TASK PROMPT: The entries below contain a line with "move=> Ai; have [r_l2" and a line with "Lemma hnorm_K_active_part_le : hnorm". Quote exactly those two lines and all lines between them.

(Beginning of PROVIDED INFORMATION)

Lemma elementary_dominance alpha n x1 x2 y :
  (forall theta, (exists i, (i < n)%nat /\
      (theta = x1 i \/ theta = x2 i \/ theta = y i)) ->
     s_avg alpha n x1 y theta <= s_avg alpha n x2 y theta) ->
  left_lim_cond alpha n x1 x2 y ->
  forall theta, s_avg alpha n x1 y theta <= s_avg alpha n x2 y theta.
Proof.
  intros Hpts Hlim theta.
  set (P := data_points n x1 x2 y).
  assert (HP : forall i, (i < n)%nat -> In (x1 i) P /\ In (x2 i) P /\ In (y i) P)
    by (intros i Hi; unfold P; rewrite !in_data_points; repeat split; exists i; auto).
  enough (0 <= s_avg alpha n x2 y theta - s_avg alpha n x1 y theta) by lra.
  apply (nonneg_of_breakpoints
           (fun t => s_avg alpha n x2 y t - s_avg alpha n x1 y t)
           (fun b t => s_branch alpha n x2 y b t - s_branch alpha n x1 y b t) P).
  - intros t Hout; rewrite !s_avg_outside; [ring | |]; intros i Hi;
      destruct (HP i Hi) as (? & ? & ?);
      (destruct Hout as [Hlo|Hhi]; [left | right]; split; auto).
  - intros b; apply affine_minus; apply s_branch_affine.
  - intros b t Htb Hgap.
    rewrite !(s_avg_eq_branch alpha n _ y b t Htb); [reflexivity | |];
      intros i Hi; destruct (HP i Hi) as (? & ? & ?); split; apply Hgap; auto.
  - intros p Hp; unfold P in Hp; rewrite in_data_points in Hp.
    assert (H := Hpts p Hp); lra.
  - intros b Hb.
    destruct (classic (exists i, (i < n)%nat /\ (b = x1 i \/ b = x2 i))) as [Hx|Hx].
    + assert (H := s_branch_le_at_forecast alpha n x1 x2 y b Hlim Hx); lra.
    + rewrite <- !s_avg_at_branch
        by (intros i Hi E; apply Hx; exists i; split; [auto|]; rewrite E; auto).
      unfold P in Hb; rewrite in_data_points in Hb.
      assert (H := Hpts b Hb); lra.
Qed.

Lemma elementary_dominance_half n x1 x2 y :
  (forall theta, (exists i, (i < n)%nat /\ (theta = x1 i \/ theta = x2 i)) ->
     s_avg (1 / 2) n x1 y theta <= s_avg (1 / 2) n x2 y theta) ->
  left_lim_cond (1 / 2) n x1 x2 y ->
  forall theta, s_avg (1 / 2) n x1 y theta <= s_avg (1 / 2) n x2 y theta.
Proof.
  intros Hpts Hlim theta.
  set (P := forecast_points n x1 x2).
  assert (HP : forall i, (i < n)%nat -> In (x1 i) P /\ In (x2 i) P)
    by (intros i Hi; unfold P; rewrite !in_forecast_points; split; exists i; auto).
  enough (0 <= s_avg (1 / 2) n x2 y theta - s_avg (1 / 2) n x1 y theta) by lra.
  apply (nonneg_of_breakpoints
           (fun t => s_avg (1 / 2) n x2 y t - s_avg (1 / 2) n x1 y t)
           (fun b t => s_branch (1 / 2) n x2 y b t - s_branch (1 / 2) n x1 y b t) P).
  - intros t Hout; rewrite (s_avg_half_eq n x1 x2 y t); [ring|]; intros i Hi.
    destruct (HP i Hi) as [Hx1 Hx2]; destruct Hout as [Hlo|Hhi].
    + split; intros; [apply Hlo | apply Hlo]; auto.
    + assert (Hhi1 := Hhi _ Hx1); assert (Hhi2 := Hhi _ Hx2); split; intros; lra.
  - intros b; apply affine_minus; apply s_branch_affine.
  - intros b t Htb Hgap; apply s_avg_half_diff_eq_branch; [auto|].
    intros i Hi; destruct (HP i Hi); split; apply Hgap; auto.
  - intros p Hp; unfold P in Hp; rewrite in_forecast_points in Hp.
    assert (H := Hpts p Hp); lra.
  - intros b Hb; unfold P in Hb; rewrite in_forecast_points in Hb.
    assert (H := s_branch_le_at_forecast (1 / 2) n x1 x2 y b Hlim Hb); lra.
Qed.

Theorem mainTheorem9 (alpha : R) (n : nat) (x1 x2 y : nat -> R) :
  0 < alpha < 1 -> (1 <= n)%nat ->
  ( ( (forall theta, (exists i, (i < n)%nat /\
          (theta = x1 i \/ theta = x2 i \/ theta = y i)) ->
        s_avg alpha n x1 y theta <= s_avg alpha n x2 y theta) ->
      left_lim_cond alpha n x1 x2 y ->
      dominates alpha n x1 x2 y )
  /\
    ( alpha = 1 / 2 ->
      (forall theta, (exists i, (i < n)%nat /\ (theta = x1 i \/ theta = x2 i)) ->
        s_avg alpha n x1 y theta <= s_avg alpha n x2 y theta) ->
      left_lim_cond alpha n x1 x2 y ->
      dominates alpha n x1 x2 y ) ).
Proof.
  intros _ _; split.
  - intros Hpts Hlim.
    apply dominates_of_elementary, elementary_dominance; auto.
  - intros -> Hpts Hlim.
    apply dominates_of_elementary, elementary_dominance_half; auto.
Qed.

(End of PROVIDED INFORMATION)
(Beginning of PROVIDED INFORMATION)

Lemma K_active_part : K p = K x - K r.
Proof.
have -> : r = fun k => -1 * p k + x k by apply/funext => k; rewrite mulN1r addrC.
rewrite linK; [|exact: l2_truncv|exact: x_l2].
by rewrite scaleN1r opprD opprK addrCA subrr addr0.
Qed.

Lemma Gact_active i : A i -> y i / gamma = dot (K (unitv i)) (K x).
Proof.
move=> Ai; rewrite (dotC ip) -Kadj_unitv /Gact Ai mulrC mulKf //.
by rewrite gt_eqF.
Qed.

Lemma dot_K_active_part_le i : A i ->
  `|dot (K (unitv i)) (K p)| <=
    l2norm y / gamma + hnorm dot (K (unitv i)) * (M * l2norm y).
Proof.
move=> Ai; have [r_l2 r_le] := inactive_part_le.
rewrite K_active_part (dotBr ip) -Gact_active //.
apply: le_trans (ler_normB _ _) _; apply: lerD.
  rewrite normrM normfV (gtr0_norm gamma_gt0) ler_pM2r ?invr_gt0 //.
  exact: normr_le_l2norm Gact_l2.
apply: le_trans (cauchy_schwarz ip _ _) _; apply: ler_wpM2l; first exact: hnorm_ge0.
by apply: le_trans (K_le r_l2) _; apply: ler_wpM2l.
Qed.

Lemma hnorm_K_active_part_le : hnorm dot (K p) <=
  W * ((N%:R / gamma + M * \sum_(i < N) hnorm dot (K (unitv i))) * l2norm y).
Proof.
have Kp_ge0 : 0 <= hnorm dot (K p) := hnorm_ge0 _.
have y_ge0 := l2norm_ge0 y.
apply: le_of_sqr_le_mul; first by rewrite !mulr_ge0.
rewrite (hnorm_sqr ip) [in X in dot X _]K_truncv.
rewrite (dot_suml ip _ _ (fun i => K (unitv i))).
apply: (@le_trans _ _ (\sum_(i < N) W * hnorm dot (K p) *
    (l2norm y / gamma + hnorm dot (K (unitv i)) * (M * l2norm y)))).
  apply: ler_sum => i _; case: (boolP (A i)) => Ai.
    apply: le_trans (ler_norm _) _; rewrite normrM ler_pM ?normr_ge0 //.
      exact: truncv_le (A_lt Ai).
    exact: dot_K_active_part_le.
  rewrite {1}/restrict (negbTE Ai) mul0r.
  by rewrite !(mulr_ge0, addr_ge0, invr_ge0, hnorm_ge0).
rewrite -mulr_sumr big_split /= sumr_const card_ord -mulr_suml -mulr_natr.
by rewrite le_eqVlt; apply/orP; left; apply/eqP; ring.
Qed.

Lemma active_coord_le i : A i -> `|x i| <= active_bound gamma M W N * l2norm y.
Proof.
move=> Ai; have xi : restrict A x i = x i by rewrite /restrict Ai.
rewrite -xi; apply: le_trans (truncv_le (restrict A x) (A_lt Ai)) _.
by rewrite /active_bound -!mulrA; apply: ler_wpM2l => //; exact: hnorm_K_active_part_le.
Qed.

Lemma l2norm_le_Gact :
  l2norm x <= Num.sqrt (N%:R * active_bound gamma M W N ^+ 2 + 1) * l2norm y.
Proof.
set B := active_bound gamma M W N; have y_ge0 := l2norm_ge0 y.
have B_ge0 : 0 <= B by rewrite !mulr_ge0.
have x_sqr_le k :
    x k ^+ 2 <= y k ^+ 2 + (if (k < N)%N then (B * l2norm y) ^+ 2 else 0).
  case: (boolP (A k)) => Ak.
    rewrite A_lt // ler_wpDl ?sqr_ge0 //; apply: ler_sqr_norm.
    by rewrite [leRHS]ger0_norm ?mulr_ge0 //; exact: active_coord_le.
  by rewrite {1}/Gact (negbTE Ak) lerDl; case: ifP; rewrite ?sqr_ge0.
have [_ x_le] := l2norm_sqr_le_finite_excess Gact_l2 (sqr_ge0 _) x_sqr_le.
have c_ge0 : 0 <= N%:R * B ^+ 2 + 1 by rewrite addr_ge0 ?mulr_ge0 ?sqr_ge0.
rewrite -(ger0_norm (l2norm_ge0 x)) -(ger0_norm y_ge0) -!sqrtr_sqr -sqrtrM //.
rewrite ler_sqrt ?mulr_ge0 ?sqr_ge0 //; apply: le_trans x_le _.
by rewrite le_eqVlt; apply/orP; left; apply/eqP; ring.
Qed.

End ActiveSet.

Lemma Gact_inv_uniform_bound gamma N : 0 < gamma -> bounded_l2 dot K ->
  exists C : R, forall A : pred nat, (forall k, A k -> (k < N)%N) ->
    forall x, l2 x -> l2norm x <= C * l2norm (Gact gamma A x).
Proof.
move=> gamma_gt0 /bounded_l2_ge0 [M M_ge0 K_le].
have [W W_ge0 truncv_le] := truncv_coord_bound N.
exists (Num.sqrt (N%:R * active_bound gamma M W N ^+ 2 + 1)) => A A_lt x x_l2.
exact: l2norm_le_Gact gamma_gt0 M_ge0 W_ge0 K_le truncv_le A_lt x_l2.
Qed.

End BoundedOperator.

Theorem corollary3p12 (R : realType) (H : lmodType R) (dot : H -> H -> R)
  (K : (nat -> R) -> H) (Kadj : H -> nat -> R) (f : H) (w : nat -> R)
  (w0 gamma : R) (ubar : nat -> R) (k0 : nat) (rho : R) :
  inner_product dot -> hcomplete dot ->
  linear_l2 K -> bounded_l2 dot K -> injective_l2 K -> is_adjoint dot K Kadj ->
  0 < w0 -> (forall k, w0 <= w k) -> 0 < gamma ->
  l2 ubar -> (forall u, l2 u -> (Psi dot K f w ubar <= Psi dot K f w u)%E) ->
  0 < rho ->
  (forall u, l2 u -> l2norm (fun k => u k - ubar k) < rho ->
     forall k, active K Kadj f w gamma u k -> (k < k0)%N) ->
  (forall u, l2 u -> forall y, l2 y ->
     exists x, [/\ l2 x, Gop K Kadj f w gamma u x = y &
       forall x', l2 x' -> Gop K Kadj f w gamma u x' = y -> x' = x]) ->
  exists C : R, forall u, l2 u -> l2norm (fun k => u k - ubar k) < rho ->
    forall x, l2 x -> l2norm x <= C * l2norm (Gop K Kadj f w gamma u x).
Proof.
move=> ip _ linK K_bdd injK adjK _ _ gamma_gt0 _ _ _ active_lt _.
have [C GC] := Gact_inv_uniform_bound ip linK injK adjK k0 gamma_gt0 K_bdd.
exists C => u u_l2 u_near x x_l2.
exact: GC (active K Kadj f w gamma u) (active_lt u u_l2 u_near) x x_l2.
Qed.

(End of PROVIDED INFORMATION)

TASK RESULT:
move=> Ai; have [r_l2 r_le] := inactive_part_le.
rewrite K_active_part (dotBr ip) -Gact_active //.
apply: le_trans (ler_normB _ _) _; apply: lerD.
  rewrite normrM normfV (gtr0_norm gamma_gt0) ler_pM2r ?invr_gt0 //.
  exact: normr_le_l2norm Gact_l2.
apply: le_trans (cauchy_schwarz ip _ _) _; apply: ler_wpM2l; first exact: hnorm_ge0.
by apply: le_trans (K_le r_l2) _; apply: ler_wpM2l.
Qed.

Lemma hnorm_K_active_part_le : hnorm dot (K p) <=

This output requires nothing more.